8. Agencies should promote to foreign authorities the principles that undergird the United States administrative and regulatory process, including, as appropriate:
(a) transparency, openness and public participation,
(b) evidence-based and risk-informed regulation,
(c) cost-benefit analysis,
(d) consensus-based standard setting,
(e) accountability under the law,
(f) clearly defined roles and lines of authority,
(g) fair and responsive dispute resolution procedures, and
(h) impartiality.
An agency engaging in international regulatory cooperation should also be alert to the possibility that foreign regulatory bodies may have different regulatory objectives, particularly where a government-owned or controlled enterprise is involved.
9. When engaging with foreign authorities, agencies should, as appropriate, share information and consult with other government agencies having interests that may be affected by the engagement, including but not limited to OMB’s Office of Information and Regulatory Affairs (OIRA); the Office of the United States Trade Representative (USTR); and the Departments of Commerce, State, and Defense.[2]
10. The Executive Office of the President should consider creating a high-level interagency working group of agency heads and other senior officials to provide government-wide leadership on, and to evaluate and promote, international regulatory cooperation.

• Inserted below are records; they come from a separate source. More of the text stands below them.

Lemma enorm_le_coord n (x : 'cV[R]_n) t : 0 <= t -> (forall i, `|x i 0| <= t) ->
  enorm x <= n%:R * t.
Proof.
move=> t_ge0 x_le; have nt_ge0 : 0 <= n%:R * t by rewrite mulr_ge0.
rewrite /enorm -(ger0_norm nt_ge0) -sqrtr_sqr ler_wsqrtr //.
apply: (@le_trans _ _ (\sum_(i < n) t ^+ 2)).
  by apply: ler_sum => i _; have := x_le i; rewrite ler_norml => /andP[? ?]; nra.
rewrite sumr_const card_ord -mulr_natl exprMn.
have n_le_sqr : n%:R <= n%:R ^+ 2 :> R.
  case: (n) => [|k]; first by rewrite expr2 mulr0.
  have : 1 <= k.+1%:R :> R by rewrite ler1n.
  by move=> ?; nra.
by have := sqr_ge0 t; nra.
Qed.

Definition coord_bound n (P : set 'cV[R]_n) (c : R) :=
  forall x, P x -> forall i, `|x i 0| <= c.

Lemma bounded_set_coord_bound n (P : set 'cV[R]_n) :
  bounded_set P -> exists c, 0 <= c /\ coord_bound P c.
Proof.
case=> M P_le; exists `|M|; split=> // x Px i.
exact: le_trans (normr_coord_le_enorm x i) (le_trans (P_le x Px) (ler_norm M)).
Qed.

Lemma coord_bound_le n (P : set 'cV[R]_n) c c' : c <= c' ->
  coord_bound P c -> coord_bound P c'.
Proof. by move=> c_le P_c x Px i; apply: le_trans (P_c x Px i) c_le. Qed.

Lemma coord_bound_setU n (P Q : set 'cV[R]_n) c :
  coord_bound P c -> coord_bound Q c -> coord_bound (P `|` Q) c.
Proof. by move=> P_c Q_c x [/P_c | /Q_c]. Qed.

Lemma coord_bound_msum n (P Q : set 'cV[R]_n) c c' :
  coord_bound P c -> coord_bound Q c' -> coord_bound (msum P Q) (c + c').
Proof.
move=> P_c Q_c _ [x [y [Px Qy ->]]] i.
by rewrite mxE; apply: le_trans (ler_normD _ _) (lerD (P_c x Px i) (Q_c y Qy i)).
Qed.

Lemma coord_bound_sscale n (P : set 'cV[R]_n) c t : 0 <= t <= 1 ->
  coord_bound P c -> coord_bound (sscale t P) c.
Proof.
move=> /andP[t_ge0 t_le1] P_c _ [x Px <-] i.
rewrite mxE normrM ger0_norm //; apply: le_trans (P_c x Px i).
by rewrite ler_piMl.
Qed.

Lemma coord_bound_conv n (P : set 'cV[R]_n) c :
  coord_bound P c -> coord_bound (conv P) c.
Proof.
move=> P_c _ [k [a [x [a_ge0 a_sum1 Px ->]]]] i.
rewrite summxE; apply: le_trans (ler_norm_sum _ _ _) _.
apply: (@le_trans _ _ (\sum_(j < k) a j * c)); last by rewrite -mulr_suml a_sum1 mul1r.
apply: ler_sum => j _; rewrite mxE normrM (ger0_norm (a_ge0 j)).
exact: ler_wpM2l (P_c _ (Px j) i).
Qed.
Definition thinned_variance (R : ringType) (p m v : R) : R :=
  p ^+ 2 * v + p * (1 - p) * m.

Lemma thinned_varianceE (R : fieldType) (p m v : R) : p != 0 ->
  thinned_variance p m v = p ^+ 2 * (v + (p^-1 - 1) * m).
Proof. by move=> p0; rewrite /thinned_variance; field. Qed.

Lemma thinned_variance_gt0 (R : realFieldType) (p m v : R) :
  0 < p <= 1 -> 0 <= m -> 0 < v -> 0 < thinned_variance p m v.
Proof.
move=> /andP[p0 p1] m0 v0; apply: ltr_wpDr; last by rewrite mulr_gt0 ?exprn_gt0.
by rewrite mulr_ge0 // mulr_ge0 ?subr_ge0 // ltW.
Qed.

Lemma scaled_thinned_variance_le (R : realFieldType) (p q m v : R) :
  0 < p <= q -> q <= 1 -> 0 <= m -> 0 < v ->
  0 < v + (q^-1 - 1) * m <= v + (p^-1 - 1) * m.
Proof.
move=> /andP[p0 pq] q1 m0 v0; have q0 := lt_le_trans p0 pq.
have q1' : 0 <= q^-1 - 1 by rewrite subr_ge0 invr_ge1 ?q1 ?unitf_gt0.
have qp : q^-1 <= p^-1 by rewrite lef_pV2 ?posrE.
apply/andP; split; first by rewrite ltr_wpDr ?mulr_ge0.
by rewrite lerD2l ler_wpM2r // lerD2r.
Qed.

Lemma norm_div_sqrtM_le (R : rcfType) (c a b a' b' : R) :
  0 < a' <= a -> 0 < b' <= b ->
  `|c / Num.sqrt (a * b)| <= `|c / Num.sqrt (a' * b')|.
Proof.
move=> /andP[a'0 aa'] /andP[b'0 bb'].
have s0 (x y : R) : 0 < x -> 0 < y -> 0 < Num.sqrt (x * y).
  by move=> x0 y0; rewrite sqrtr_gt0 mulr_gt0.
have a0 := lt_le_trans a'0 aa'; have b0 := lt_le_trans b'0 bb'.
rewrite !normrM !normfV (gtr0_norm (s0 _ _ a0 b0)) (gtr0_norm (s0 _ _ a'0 b'0)).
apply: ler_wpM2l => //; rewrite lef_pV2 ?posrE ?s0 //.
by apply: ler_wsqrtr; rewrite ler_pM // ltW.
Qed.

Lemma thinned_correlation_le (R : rcfType) (p q c mi mj vi vj : R) :
  0 < p <= q -> q <= 1 -> 0 <= mi -> 0 <= mj -> 0 < vi -> 0 < vj ->
  `|p ^+ 2 * c / Num.sqrt (thinned_variance p mi vi * thinned_variance p mj vj)|
  <= `|q ^+ 2 * c / Num.sqrt (thinned_variance q mi vi * thinned_variance q mj vj)|.
Proof.
move=> /andP[p0 pq] q1 mi0 mj0 vi0 vj0.
have q0 := lt_le_trans p0 pq; have p1 := le_trans pq q1.
have scaleE (r a b : R) : 0 < r -> 0 <= a -> 0 <= b ->
    r ^+ 2 * c / Num.sqrt (r ^+ 2 * a * (r ^+ 2 * b)) = c / Num.sqrt (a * b).
  move=> r0 a0 b0; have -> : r ^+ 2 * a * (r ^+ 2 * b) = (r ^+ 2) ^+ 2 * (a * b) by ring.
  rewrite sqrtrM ?exprn_ge0 ?ltW //.
  rewrite sqrtr_sqr gtr0_norm ?exprn_gt0 // invfM mulrACA divff ?mul1r //.
  by rewrite expf_neq0 ?gt_eqF.
have scale_ge0 (r m v : R) :
    0 < r -> r <= 1 -> 0 <= m -> 0 < v -> 0 <= v + (r^-1 - 1) * m.
  move=> r0 r1 m0 v0; have rr : 0 < r <= r by rewrite r0 lexx.
  by case/andP: (scaled_thinned_variance_le rr r1 m0 v0) => /ltW.
rewrite !thinned_varianceE ?gt_eqF // !scaleE ?scale_ge0 //.
by apply: norm_div_sqrtM_le; apply: scaled_thinned_variance_le; rewrite ?p0.
Qed.

Local Open Scope classical_set_scope.

Lemma measurable_forall d (Om : measurableType d) (I : finType) (F : I -> set Om) :
  (forall i, measurable (F i)) -> measurable [set w | forall i, F i w].
Proof.
move=> mF; have -> : [set w | forall i, F i w] = \bigcap_(i in [set: I]) F i.
  by apply/seteqP; split => w /= Fw i //; exact: Fw.
by apply: fin_bigcap_measurable => //; exact: finite_finset.
Qed.

Lemma expectation_sqr_lty_Lfun2 d (Om : measurableType d) (R : realType)
    (P : probability Om R) (f : Om -> R) :
  measurable_fun setT f -> ('E_P[f ^+ 2] < +oo)%E -> f \in Lfun P 2%:E.
Proof.
move=> mf; rewrite unlock => f2_lty.
rewrite inE; apply/andP; split; first by rewrite inE.
rewrite inE /= /finite_norm unlock /Lnorm poweR_lty //; apply: le_lt_trans f2_lty.
rewrite le_eqVlt; apply/orP; left; apply/eqP; apply: eq_integral => w _ /=.
by rewrite powR_mulrn ?normr_ge0 // real_normK // num_real.
Qed.
Lemma norm_hsdot_le_root_fid k (X Y : 'M[C]_(n, k)) :
  `|hsdot X Y| <= root_fid (X *m X^t*) (Y *m Y^t*).
Proof.
have [PT [J [SRE JJ _]]] := root_fid_polar (gram_psd X) (gram_psd Y).
have [[hermS _] SS] := msqrtP (gram_psd X).
have [[hermR _] RR] := msqrtP (gram_psd Y).
rewrite /root_fid; set S := msqrt (X *m X^t*) in PT SRE JJ hermS SS *.
set Rm := msqrt (Y *m Y^t*) in SRE hermR RR.
set T := msqrt (S *m (Y *m Y^t*) *m S) in PT SRE JJ *.
have [V [XV VV _]] := polar_factor hermS (esym SS).
have [W [YW WW _]] := polar_factor hermR (esym RR).
have [[hermH _] HH] := msqrtP PT; set H := msqrt T in hermH HH.
have hermT := PT.1.
have trXY : hsdot X Y = hsdot (H *m V) (H *m (J *m W)).
  rewrite XV YW !hsdot_mull (hermsymmxP _ hermS) (hermsymmxP _ hermH) !mulmxA.
  by rewrite SRE -HH.
have hsHX (Z : 'M[C]_(n, k)) : hsdot (H *m Z) (H *m Z) = \tr (Z^t* *m T *m Z).
  by rewrite hsdot_mull (hermsymmxP _ hermH) mulmxA HH /hsdot mulmxA.
have normV : hsdot (H *m V) (H *m V) <= \tr T.
  by rewrite hsHX; apply: mxtrace_compress_le hermS VV PT.
have normJW : hsdot (H *m (J *m W)) (H *m (J *m W)) <= \tr T.
  have := le_trans (mxtrace_compress_le hermR WW (psd_conj J PT))
                   (mxtrace_compress_le hermT JJ PT).
  by rewrite hsHX trmxC_mul !mulmxA.
rewrite trXY; apply: le_trans (norm_hsdot_le _ _) _.
have trT0 := psd_mxtrace_ge0 PT.
rewrite -[leRHS](sqrCK trT0) ler_sqrtC ?nnegrE ?exprn_ge0 ?mulr_ge0 ?hsdotxx_ge0 //.
by rewrite expr2; exact: ler_pM (hsdotxx_ge0 _) (hsdotxx_ge0 _) normV normJW.
Qed.

Lemma root_fid_attained (rho sigma : 'M[C]_n) : psdmx rho -> psdmx sigma ->
  exists X Y : 'M[C]_(n, n + n),
    [/\ X *m X^t* = rho, Y *m Y^t* = sigma & hsdot X Y = root_fid rho sigma].
Proof.
move=> Prho Psig; have [PT [J [SRE JJ suppJ]]] := root_fid_polar Prho Psig.
have [[/hermsymmxP hermS _] SS] := msqrtP Prho.
have [[/hermsymmxP hermR _] RR] := msqrtP Psig.
rewrite /root_fid; set S := msqrt rho in PT SRE JJ suppJ hermS SS *.
set Rm := msqrt sigma in SRE hermR RR.
set T := msqrt (S *m sigma *m S) in PT SRE JJ suppJ *.
(* J is a partial isometry; E pads [J^†, E] to a coisometry. *)
pose E := 1%:M - J^t* *m J.
have EE : E *m E^t* = E.
  rewrite trmxCB trmxC1 trmxC_mul trmxCK -/E mulmxBl mul1mx mulmxBr mulmx1.
  by rewrite -!mulmxA (mulmxA J) JJ suppJ subrr subr0.
exists (row_mx S 0), (row_mx (Rm *m J^t*) (Rm *m E)); split.
- by rewrite gram_row_mx hermS mul0mx addr0 SS.
- rewrite gram_row_mx !trmxC_mul trmxCK hermR !mulmxA -(mulmxA Rm (J^t*)).
  rewrite -(mulmxA Rm E) EE -mulmxDl -mulmxDr /E addrC subrK.
  by rewrite mulmx1 RR.
- rewrite hsdot_row_mx /hsdot trmxC0 mul0mx mxtrace0 addr0 hermS mulmxA SRE.
  by rewrite -mulmxA JJ (mul_suppmx PT.1).
Qed.

End Uhlmann.

Section Rotation.
Variable C : numClosedFieldType.
Lemma elem_continuous (f : R -> R -> R) : elem f ->
  forall x y, quadrant x y -> continuous (fun p : R * R => f (fst p) (snd p)) (x, y).
Proof.
  induction 1 as [c | g Hg | g Hg | f g _ IHf _ IHg | f g _ IHf _ IHg | f g _ IHf Hfg];
    intros x y Hxy.
  - apply continuous_const.
  - apply (continuous_comp fst g); [apply continuous_fst | apply atom_continuous, Hxy; auto].
  - apply (continuous_comp snd g); [apply continuous_snd | apply atom_continuous, Hxy; auto].
  - apply (continuous_plus (fun p : R * R => f (fst p) (snd p))); auto.
  - apply (continuous_mult (fun p : R * R => f (fst p) (snd p))); auto.
  - apply (continuous_ext_loc _ (fun p : R * R => f (fst p) (snd p))); auto.
    destruct (locally_quadrant x y Hxy) as [e He].
    exists e. intros [a b] Hab. apply Hfg, (He (a, b) Hab).
Qed.

Lemma elem_Derive_const (c h : R -> R -> R) : elem (fun x y => Derive (fun _ => c x y) (h x y)).
Proof. apply (elem_ext _ _ (elem_const 0)). intros; symmetry; apply Derive_const. Qed.

Lemma elem_partials (f : R -> R -> R) : elem f ->
  (forall x y, quadrant x y -> ex_derive (fun t => f t y) x /\ ex_derive (fun t => f x t) y) /\
  elem (fun x y => Derive (fun t => f t y) x) /\
  elem (fun x y => Derive (fun t => f x t) y).
Proof.
  pose proof elem_Derive_const as Hzero.
  induction 1 as [c | g Hg | g Hg | f g _ [Ef [Xf Yf]] _ [Eg [Xg Yg]]
                 | f g Hf [Ef [Xf Yf]] Hg [Eg [Xg Yg]] | f g _ [Ef [Xf Yf]] Hfg].
  - split; [intros; split; apply ex_derive_const |].
    split; [exact (Hzero (fun _ _ => c) (fun x _ => x))
           | exact (Hzero (fun _ _ => c) (fun _ y => y))].
  - destruct (atom_derive g Hg) as [g' [Hd [Hx _]]].
    split; [intros x y [Hx0 _]; split; [exists (g' x); auto | apply ex_derive_const] |].
    split; [| exact (Hzero (fun x _ => g x) (fun _ y => y))].
    apply (elem_ext _ _ Hx). intros x y [Hx0 _]. symmetry. apply is_derive_unique; auto.
  - destruct (atom_derive g Hg) as [g' [Hd [_ Hy]]].
    split; [intros x y [_ Hy0]; split; [apply ex_derive_const | exists (g' y); auto] |].
    split; [exact (Hzero (fun _ y => g y) (fun x _ => x)) |].
    apply (elem_ext _ _ Hy). intros x y [_ Hy0]. symmetry. apply is_derive_unique; auto.
  - split.
    { intros x y Hxy. destruct (Ef x y Hxy), (Eg x y Hxy).
      split; [apply (ex_derive_plus (fun t => f t y)) | apply (ex_derive_plus (fun t => f x t))];
        auto. }
    split.
    + apply (elem_ext _ _ (elem_plus _ _ Xf Xg)). intros x y Hxy.
      destruct (Ef x y Hxy), (Eg x y Hxy). symmetry. now apply (Derive_plus (fun t => f t y)).
    + apply (elem_ext _ _ (elem_plus _ _ Yf Yg)). intros x y Hxy.
      destruct (Ef x y Hxy), (Eg x y Hxy). symmetry. now apply (Derive_plus (fun t => f x t)).
  - split.
    { intros x y Hxy. destruct (Ef x y Hxy), (Eg x y Hxy). split; now apply ex_derive_mult. }
    split.
    + apply (elem_ext _ _ (elem_plus _ _ (elem_mult _ _ Xf Hg) (elem_mult _ _ Hf Xg))).
      intros x y Hxy. destruct (Ef x y Hxy), (Eg x y Hxy).
      symmetry. now apply (Derive_mult (fun t => f t y) (fun t => g t y)).
    + apply (elem_ext _ _ (elem_plus _ _ (elem_mult _ _ Yf Hg) (elem_mult _ _ Hf Yg))).
      intros x y Hxy. destruct (Ef x y Hxy), (Eg x y Hxy).
      symmetry. now apply (Derive_mult (fun t => f x t) (fun t => g x t)).
  - assert (Lx : forall x y, quadrant x y -> locally x (fun t => f t y = g t y)).
    { intros x y [Hx Hy]. destruct (locally_pos x Hx) as [e He].
      exists e. intros t Ht. apply Hfg. split; auto. }
    assert (Ly : forall x y, quadrant x y -> locally y (fun t => f x t = g x t)).
    { intros x y [Hx Hy]. destruct (locally_pos y Hy) as [e He].
      exists e. intros t Ht. apply Hfg. split; auto. }
    split.
    { intros x y Hxy. destruct (Ef x y Hxy).
      split; [apply (ex_derive_ext_loc (fun t => f t y))
             | apply (ex_derive_ext_loc (fun t => f x t))];
        auto. }
    split; [apply (elem_ext _ _ Xf) | apply (elem_ext _ _ Yf)];
      intros x y Hxy; apply Derive_ext_loc; auto.
Qed.

Lemma elem_Ck (k : nat) (U : R -> R -> Prop) (f : R -> R -> R) :
  (forall x y, U x y -> quadrant x y) -> elem f -> Ck_on k U f.
Proof.
  intros HU. revert f. induction k as [|k IHk]; intros f Hf; simpl; split;
    try (intros x y Hxy; apply elem_continuous; auto); auto.
  destruct (elem_partials f Hf) as [E [X Y]]. split; [intros x y Hxy; apply E; auto |].
  split; apply IHk; assumption.
Qed.

Lemma is_RInt_zero (a b : R) : is_RInt (fun _ => 0) a b 0.
Proof.
  pose proof (is_RInt_const a b 0) as H.
  unfold scal in H; simpl in H; unfold mult in H; simpl in H.
  now rewrite Rmult_0_r in H.
Qed.

Lemma continuous_eq0_of_approx (phi : R -> R) (c : R) : continuous phi c ->
  (forall e, 0 < e -> exists t, Rabs (t - c) < e /\ phi t = 0) -> phi c = 0.
Proof.
  intros Hc Happrox. destruct (Req_dec (phi c) 0) as [E|E]; auto. exfalso.
  assert (Hp : 0 < Rabs (phi c)) by now apply Rabs_pos_lt.
  destruct (Hc (ball (phi c) (mkposreal _ Hp))) as [d Hd].
  { now exists (mkposreal _ Hp). }
  destruct (Happrox d (cond_pos d)) as [t [Ht Ht0]].
  specialize (Hd t Ht). rewrite Ht0 in Hd.
  change (Rabs (0 - phi c) < Rabs (phi c)) in Hd.
  rewrite Rminus_0_l, Rabs_Ropp in Hd. lra.
Qed.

[1] Throughout this recommendation, the term “foreign authorities” includes a range of foreign and international counterparts, including but not limited to foreign government agencies, regional and international bodies, and, where appropriate, standard-setting organizations.
[2] Agencies should fully comply with 22 C.F.R. § 181.4, requiring, among other things, agencies to consult with OIRA before entering into international agreements that require significant regulatory action, and 19 U.S.C. § 2541, giving USTR responsibility for establishing mutual arrangements for standards-related activities.
Recommended Citation: Admin. Conf. of the U.S., Recommendation 2011-6, International Regulatory Cooperation, 77 Fed. Reg. 2259 (Jan. 17, 2012).